You're hitting a Parquet logical type your Glue/Spark preview can’t parse:

Illegal Parquet type: INT64 (TIMESTAMP(NANOS,false))

Spark (including Glue 4/5) understands Parquet timestamps in millis or micros, not nanos. Your files were written with nanosecond precision, so Glue’s data preview (which uses Spark under the hood) aborts while inferring the schema.

What this means

The parquet footer says some column(s) are TIMESTAMP(NANOS, …).

Spark can’t convert that to a Spark SQL type → schema inference fails → preview fails.

Any Spark read of those objects will fail until you rewrite (or avoid) the nano timestamps.

Can you please assist with this issue? I believe most people who wish to extract the data will want to perform some ETL on it, and spark is widely used tool, so having compatibility on that front is expected.

dast-draftwise avatar Sep 26 '25 12:09 dast-draftwise

@dast-draftwise Please use the LangChain Forum for LangSmith platform issues (vs. client SDKs). You’ll get faster support from our customer support and engineering teams there. I’ve forwarded your bulk-export issue to the responsible team.

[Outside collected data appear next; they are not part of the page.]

Lemma first_quadrant_real_gt0 (a : R) : 0 < a -> first_quadrant a%:C%C.
Proof.
move=> a_gt0; rewrite /first_quadrant eq_complex /= (ltW a_gt0) lexx.
by rewrite negb_and (gt_eqF a_gt0).
Qed.

End ComplexWeights.

Theorem proposition1
  (R : rcfType) (n1 n0 E : nat)
  (src dst : 'I_E -> 'I_(n1 + n0))
  (hn1 : (0 < n1)%N) (hn0 : (0 < n0)%N)
  (hsimple : simple_graph src dst)
  (hconn : graph_connected src dst)
  (k : nat) (P : 'M[R]_(E, k))
  (hrank : \rank P = k)
  (hrange : forall x : 'cV[R]_E,
      (exists y : 'cV[R]_k, x = P *m y) <->
      dsubmx (incidence R src dst) *m x = 0) :
  let B := incidence R[i] src dst in
  let B1 := usubmx B in
  let B0 := dsubmx B in
  let Pc := cplx P in
  (forall w : 'rV[R[i]]_E,
     (forall e, w 0 e != 0) ->
     let W := diag_mx w in
     (Pc^T *m W *m Pc) \in unitmx ->
     (B0 *m invmx W *m B0^T) \in unitmx ->
     B1 *m Pc *m invmx (Pc^T *m W *m Pc) *m Pc^T *m B1^T
       = schur_compl (B *m invmx W *m B^T))
  /\
  (forall (r l : 'rV[R]_E) (omega : R),
     (forall e, 0 <= r 0 e) -> (forall e, 0 < l 0 e) -> 0 < omega ->
     let Rm := cplx (diag_mx r) in
     let Lm := cplx (diag_mx l) in
     let Z := Rm + ('i%C * (omega%:C)%C) *: Lm in
     (B1 *m Pc *m invmx (Pc^T *m Z *m Pc) *m Pc^T *m B1^T
        = schur_compl (B *m invmx Z *m B^T))
     /\
     (B1 *m Pc *m invmx (Pc^T *m Lm *m Pc) *m Pc^T *m B1^T
        = schur_compl (B *m invmx Lm *m B^T))).
Proof.
move=> B B1 B0 Pc.
set B0R := dsubmx (incidence R src dst).
have B0E : B0 = cplx B0R.
  by rewrite /B0 /B -(map_incidence (real_complex R)) -map_dsubmx.
have BE : B = col_mx B1 (cplx B0R) by rewrite -B0E vsubmxK.
have kron (w : 'rV_E) : (forall e, w 0 e != 0) ->
    Pc^T *m diag_mx w *m Pc \in unitmx ->
    B0 *m invmx (diag_mx w) *m B0^T \in unitmx ->
    B1 *m Pc *m invmx (Pc^T *m diag_mx w *m Pc) *m Pc^T *m B1^T
      = schur_compl (B *m invmx (diag_mx w) *m B^T).
  move=> w0; rewrite BE B0E.
  exact: cplx_kron_reduction hrange (diag_mx_unit w0) (tr_diag_mx w).
have Pfree : row_free P^T by rewrite /row_free mxrank_tr hrank.
have B0free : row_free B0R.
  exact: incidence_dsubmx_row_free hn1 hsimple.1 hconn.
have quadrant (w : 'rV_E) : (forall e, first_quadrant (w 0 e)) ->
    B1 *m Pc *m invmx (Pc^T *m diag_mx w *m Pc) *m Pc^T *m B1^T
      = schur_compl (B *m invmx (diag_mx w) *m B^T).
  move=> wq; apply: kron => [e||]; first exact/first_quadrant_neq0.
    by have := first_quadrant_congr_unit Pfree wq; rewrite !cplxE -map_trmx trmxK.
  by rewrite B0E; apply: first_quadrant_congr_inv_unit B0free wq.
split=> [w w0 W|r l omega r_ge0 l_gt0 omega_gt0 Rm Lm Z]; first exact: kron.
rewrite /Z /Rm /Lm cplx_impedance_diag cplx_diag_mx.
split; apply: quadrant => e; rewrite mxE.
  by apply: first_quadrant_Im_gt0; rewrite ?mulr_gt0.
exact: first_quadrant_real_gt0.
Qed.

angus-langchain avatar Sep 26 '25 17:09 angus-langchain

@angus-langchain thank you for your comment, the Forum is super inactive. I have other questions I asked on the forum about langsmith and havent recieved any support in over 2 weeks,

dast-draftwise avatar Sep 29 '25 08:09 dast-draftwise

Hi @dast-draftwise, thanks for your detailed report here. We've added this to the list of bulk export improvements we plan to make soon. I can't promise an exact timeline, but will follow up once released.

bvs-langchain avatar Sep 30 '25 14:09 bvs-langchain

Oki - thank you. If it would be possible to specify columns to be dropped while performing the bulk export that would be amazing - not sure how difficult would it be to implement but having both the timestamp fixed + ability to drop columns implemented, would allow for much easier trace processing outside of langsmith

dast-draftwise avatar Oct 03 '25 07:10 dast-draftwise

To confirm, you mean the ability to select which columns are exported? If yes, that is also on our roadmap

bvs-langchain avatar Oct 03 '25 18:10 bvs-langchain

To confirm, you mean the ability to select which columns are exported? If yes, that is also on our roadmap

Yes, exactly -

dast-draftwise avatar Oct 06 '25 08:10 dast-draftwise

@bvs-langchain hi, Any hints on when this could be available?

dast-draftwise avatar Oct 14 '25 20:10 dast-draftwise